High-level design of Recommendation Service
High-level design of Recommendation Service

Data Flow (from data ingestion to serving recommendations):

  1. User Interaction & Logging: When a user interacts with the platform (watches a video, rates something, adds to watchlist, etc.), the client sends this event to the backend. For example, after finishing a movie, an event “User U watched Movie M at time T” is sent. The backend logs this event to the Event Ingestion System (e.g. a Kafka topic or analytics service). This event is appended to a durable log for offline processing. It may also update some real-time counters: for instance, increment a view count for Movie M in a cache or trigger a quick recalculation of U’s recommendations (in a streaming/nearline processor). The user’s immediate session state might also be updated (so the “Continue Watching” list on their home page is updated instantly).
  2. Real-Time Processing: The event can have immediate effects. A streaming computation layer (or even the Recommendation Service itself when it receives the event) might handle quick updates. For example, upon “User U watched M”, the system could: update U’s profile (mark M as watched so it’s not recommended again), and fetch a few similar movies to M to recommend next. This could be done by a lightweight Real-Time Recommender component that consumes events. Alternatively, the Recommendation Service when next called will notice that U watched M and use that context. Also, the Trending Service might consume all “watched” events to update the current top-N popular list continuously. These real-time operations ensure freshness between batch runs.
  3. Batch Processing (Offline): The bulk of heavy recommendation computation happens asynchronously. At scheduled intervals (e.g. every night), the Batch Processing Pipeline kicks off jobs. These jobs read large datasets: user watch histories (from the event logs or a data warehouse), content information, and possibly prior model data. For instance, a collaborative filtering algorithm might build a big user-item matrix from all watch history and factorize it to learn latent features, or compute item-to-item similarity by analyzing co-watches. This can produce either a model (like embeddings for each user and item) or directly a list of top recommendations for each user. The batch jobs might produce intermediate data too (such as an item similarity index, which the online system can use).

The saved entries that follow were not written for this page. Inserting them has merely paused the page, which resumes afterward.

Lemma qmapB m m' : q (m - m') = q m - q m'.
Proof. exact: (additiveB qmapD m m'). Qed.

Lemma qmap_sum n (F : 'I_n -> M) : q (\sum_(i < n) F i) = \sum_(i < n) q (F i).
Proof. exact: (additive_sum qmapD F). Qed.

Lemma qmap_eq0 m : q m = 0 <-> tor m.
Proof. by rewrite -qmap0 qmap_eq subr0. Qed.

Lemma phi_eact_in K f x : lF K -> hom K f -> K x -> eact (phi K f) x = q (f x).
Proof.
move=> FK hf Kx; rewrite phi_eact //; apply/phi_eq => //.
- exact: sym_filter_colon.
- exact: hom_lift_colon (sym_filter_rideal FK) hf.
apply: (germ_eq_sub sym_filter_full) => // [z _|z _]; last by case: hf => _; apply.
by apply: ridealM => //; apply: sym_filter_rideal.
Qed.

(* Torsion-freeness of the module of quotients. *)
Lemma quot_eq_dense (z z' : L) K : lF K ->
  (forall x, K x -> eact z x = eact z' x) -> z = z'.
Proof.
move=> FK; have [K1 [f1 [FK1 hf1 <-]]] := phi_surj z.
have [K2 [f2 [FK2 hf2 <-]]] := phi_surj z'.
move=> zz'; apply/phi_eq => //; apply: (germ_eq_sub (sym_filter_cap FK (sym_filter_cap FK1 FK2))).
- by move=> x [_ []].
- by move=> x [_ []].
move=> x [Kx [K1x K2x]]; apply/qmap_eq.
by rewrite -(phi_eact_in FK1 hf1 K1x) -(phi_eact_in FK2 hf2 K2x) zz'.
Qed.

Section Extension.
Variable D : nat -> M -> M.
Hypothesis HD : is_Delta_hder iota d D.

Lemma Delta_hder_torsion n m : tor m -> tor (D n m).
Proof.
elim/ltn_ind: n m => n IH m Tm; apply: (torsion_glue Tm) => e me.
have := Delta_hder_eact HD n m e; rewrite me (additive0 (Delta_hder_add HD n)).
rewrite big_ord_recr /= subnn dbar0 => /esym/eqP; rewrite addrC addr_eq0 => /eqP ->.
by apply/torsionN/torsion_sum => i; apply/torsion_eact/IH.
Qed.

Definition qimg (z : L) := exists m, q m = z.

Definition qmap_inv (z : L) : M := epsilon (inhabits 0) (fun m => q m = z).

Lemma qmap_invK z : qimg z -> q (qmap_inv z) = z.
Proof. exact: epsilon_spec. Qed.

Lemma qimgB z z' : qimg z -> qimg z' -> qimg (z - z').
Proof. by move=> [m <-] [m' <-]; exists (m - m'); rewrite qmapB. Qed.

Lemma qimgD z z' : qimg z -> qimg z' -> qimg (z + z').
Proof. by move=> [m <-] [m' <-]; exists (m + m'); rewrite qmapD. Qed.

Lemma qimg_eact z e : qimg z -> qimg (eact z e).
Proof. by move=> [m <-]; exists (eact m e); rewrite qmap_eact. Qed.

(* [D] transported along an arbitrary section of [q]; the choice is irrelevant
   because [D] preserves torsion ([Dq_qmap]). *)
Definition Dq n (z : L) := q (D n (qmap_inv z)).

Lemma Dq_qmap n m : Dq n (q m) = q (D n m).
Proof.
apply/qmap_eq; rewrite -(additiveB (Delta_hder_add HD n)).
by apply/Delta_hder_torsion/qmap_eq; rewrite qmap_invK //; exists m.
Qed.

Lemma DqD n z z' : qimg z -> qimg z' -> Dq n (z + z') = Dq n z + Dq n z'.
Proof. by move=> [m <-] [m' <-]; rewrite -qmapD !Dq_qmap (Delta_hder_add HD) qmapD. Qed.

Lemma Dq0 z : qimg z -> Dq 0%N z = z.
Proof. by move=> [m <-]; rewrite Dq_qmap Delta_hder0. Qed.

Lemma Dq_eact n z a : qimg z ->
  Dq n (eact z a) = \sum_(i < n.+1) eact (Dq i z) (dbar (n - i) a).
Proof.
move=> [m <-]; rewrite qmap_eact Dq_qmap (Delta_hder_eact HD) qmap_sum.
by apply: eq_bigr => i _; rewrite Dq_qmap qmap_eact.
Qed.

Definition qdense (y : L) := fun x => qimg (eact y x).

Lemma qdense_rideal y : is_right_idealE (qdense y).
Proof.
split=> [|x x' yx yx'|a x yx]; rewrite /qdense.
- by rewrite eact0r; exists 0; apply: qmap0.
- by rewrite eactBr; apply: qimgB.
- by rewrite eactA; apply: qimg_eact.
Qed.

Lemma sym_filter_qdense y : lF (qdense y).
Proof.
have [K [f [FK hf <-]]] := phi_surj y.
apply: (sym_filter_up FK (qdense_rideal _)) => x Kx.
by rewrite /qdense (phi_eact_in FK hf Kx); exists (f x).
Qed.

(* [ext_act y n x] is the value forced on [eact (Dbar n y) x] by the Leibniz rule
   [Dq n (eact y x) = \sum_(j <= n) eact (Dbar j y) (dbar (n - j) x)], solved for
   its last term.  It is computed in [M] by course-of-values recursion:
   [ext_lift_upto y n k] stands for [ext_lift y k] when [k <= n]. *)
Fixpoint ext_lift_upto (y : L) n : nat -> E -> M :=
  if n is n'.+1 then fun k x =>
    if (k <= n')%N then ext_lift_upto y n' k x
    else D k (qmap_inv (eact y x)) - \sum_(j < k) ext_lift_upto y n' j (dbar (k - j) x)
  else fun _ x => D 0%N (qmap_inv (eact y x)).

Definition ext_lift y n x := ext_lift_upto y n n x.

Definition ext_act y n x := q (ext_lift y n x).

Lemma ext_lift_uptoE y n k : (k <= n)%N -> ext_lift_upto y n k = ext_lift y k.
Proof.
elim: n => [|n IH]; first by rewrite leqn0 => /eqP ->.
by rewrite leq_eqVlt => /predU1P [-> //|]; rewrite ltnS /= => kn; rewrite kn; apply: IH.
Qed.

Lemma ext_actE y n x :
  ext_act y n x = Dq n (eact y x) - \sum_(j < n) ext_act y j (dbar (n - j) x).
Proof.
rewrite /ext_act -qmap_sum -qmapB; congr q; case: n => [|n]; first by rewrite big_ord0 subr0.
rewrite /ext_lift /= ltnn; congr (_ - _); apply: eq_bigr => j _.
by rewrite ext_lift_uptoE // -ltnS.
Qed.

Lemma ext_act_sum y n x :
  \sum_(j < n.+1) ext_act y j (dbar (n - j) x) = Dq n (eact y x).
Proof. by rewrite big_ord_recr /= subnn dbar0 [ext_act y n x]ext_actE addrC subrK. Qed.

Local Notation dense y N n := (dbar_pre_iter N (qdense y) n).

Lemma dense_rideal y N n : is_right_idealE (dense y N n).
Proof. exact/dbar_pre_iter_rideal/qdense_rideal. Qed.

Lemma ext_act_unique y B N (H : nat -> E -> L) :
  (forall n, (n <= N)%N -> forall x, dbar_pre_iter N B n x ->
     \sum_(j < n.+1) H j (dbar (n - j) x) = Dq n (eact y x)) ->
  forall n, (n <= N)%N -> forall x, dbar_pre_iter N B n x -> H n x = ext_act y n x.
Proof.
move=> Hsum; elim/ltn_ind => n IH nN x Bx.
have := Hsum n nN x Bx; rewrite big_ord_recr /= subnn dbar0 ext_actE => <-.
rewrite [X in _ - X](eq_bigr (fun j : 'I_n => H j (dbar (n - j) x))) => [|j _].
  by rewrite addrAC subrr add0r.
apply: esym; apply: IH => //; first exact: leq_trans (ltnW (ltn_ord j)) nN.
by apply: (dbar_pre_iter_dbar Bx) => //; rewrite leq_subLR (leq_trans nN) ?leq_addl.
Qed.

After computation, the batch job writes the results to the appropriate store, e.g., update the Recommendations Data Store with new top-N recommendations per user, update model parameters, and store any popularity stats or derived data. This batch process is not real-time, so it can use complex algorithms and crunch through the entire dataset with the luxury of a few hours of processing.
  4. Publishing Results: Once the batch job finishes generating recommendations (or model), there is a step to publish or load these results into the serving layer. For example, if the results are written to a file or Hadoop storage, a process will load them into the live NoSQL DB that the Recommendation Service uses. This could be done via a bulk upload or through a publish-subscribe mechanism that notifies the serving store of new data (Netflix’s internal tool “Hermes” or simply a script, for instance). Alternatively, the batch job might directly write to the serving database if it has access. The important part is that by the time users start their day, the Recommendation Service has the latest precomputed data available.
  5. Serving Recommendations (Online Query): When the user opens the app or navigates to a section that requires recommendations (e.g. the homepage or a “because you watched X” list), the client calls the Recommendation Service API. For example, a request goes to /recommendations?user=U&context=home. The API Gateway passes this to an instance of the Recommendation Service. The service will then gather necessary data: it will typically fetch the precomputed recommendation list for user U from the Recommendations store (a fast key-value lookup by userID). If the context is specific (say user is on a details page for Movie M and asks for similar titles), the service might instead fetch the similar-items list for M (which could be precomputed as well, like an item-to-item index). The service then may combine results from multiple sources, e.g., it might start with the stored personalized list, then adjust it. Adjustments could include filtering out any items the user has seen or that are not currently available, merging in a few currently trending items or new releases (especially if the user’s list is short or stale), and possibly re-ranking slightly based on very recent behavior (if not already accounted for).
  6. Returning the Response: The Recommendation Service prepares the final list of recommended content (say top 20 items). It might attach scores or just the ordered list of content IDs. It then either returns those IDs to the client, or it may call the Content Metadata Service to fetch details (title names, etc.) so that the client gets a fully populated response. This choice is a design trade-off: returning just IDs keeps the Recommendation Service simple and the payload small, but then the client has to call another service to get details (or the gateway does it). Often, an aggregation layer or the Recommendation Service itself will join in the metadata for convenience, especially if it’s cached, so the client gets one response with everything needed to display the recommendation carousels.
  7. Client Display and Feedback: The client receives the recommendations, displays them to the user (e.g., showing a row of movie thumbnails “Top Picks for You”). If the user interacts (scrolls, clicks one), those actions can generate further events (e.g,. clicking a title might trigger an impression log or a “more like this” request). The cycle continues with new events flowing in and (eventually) influencing the next round of recommendations.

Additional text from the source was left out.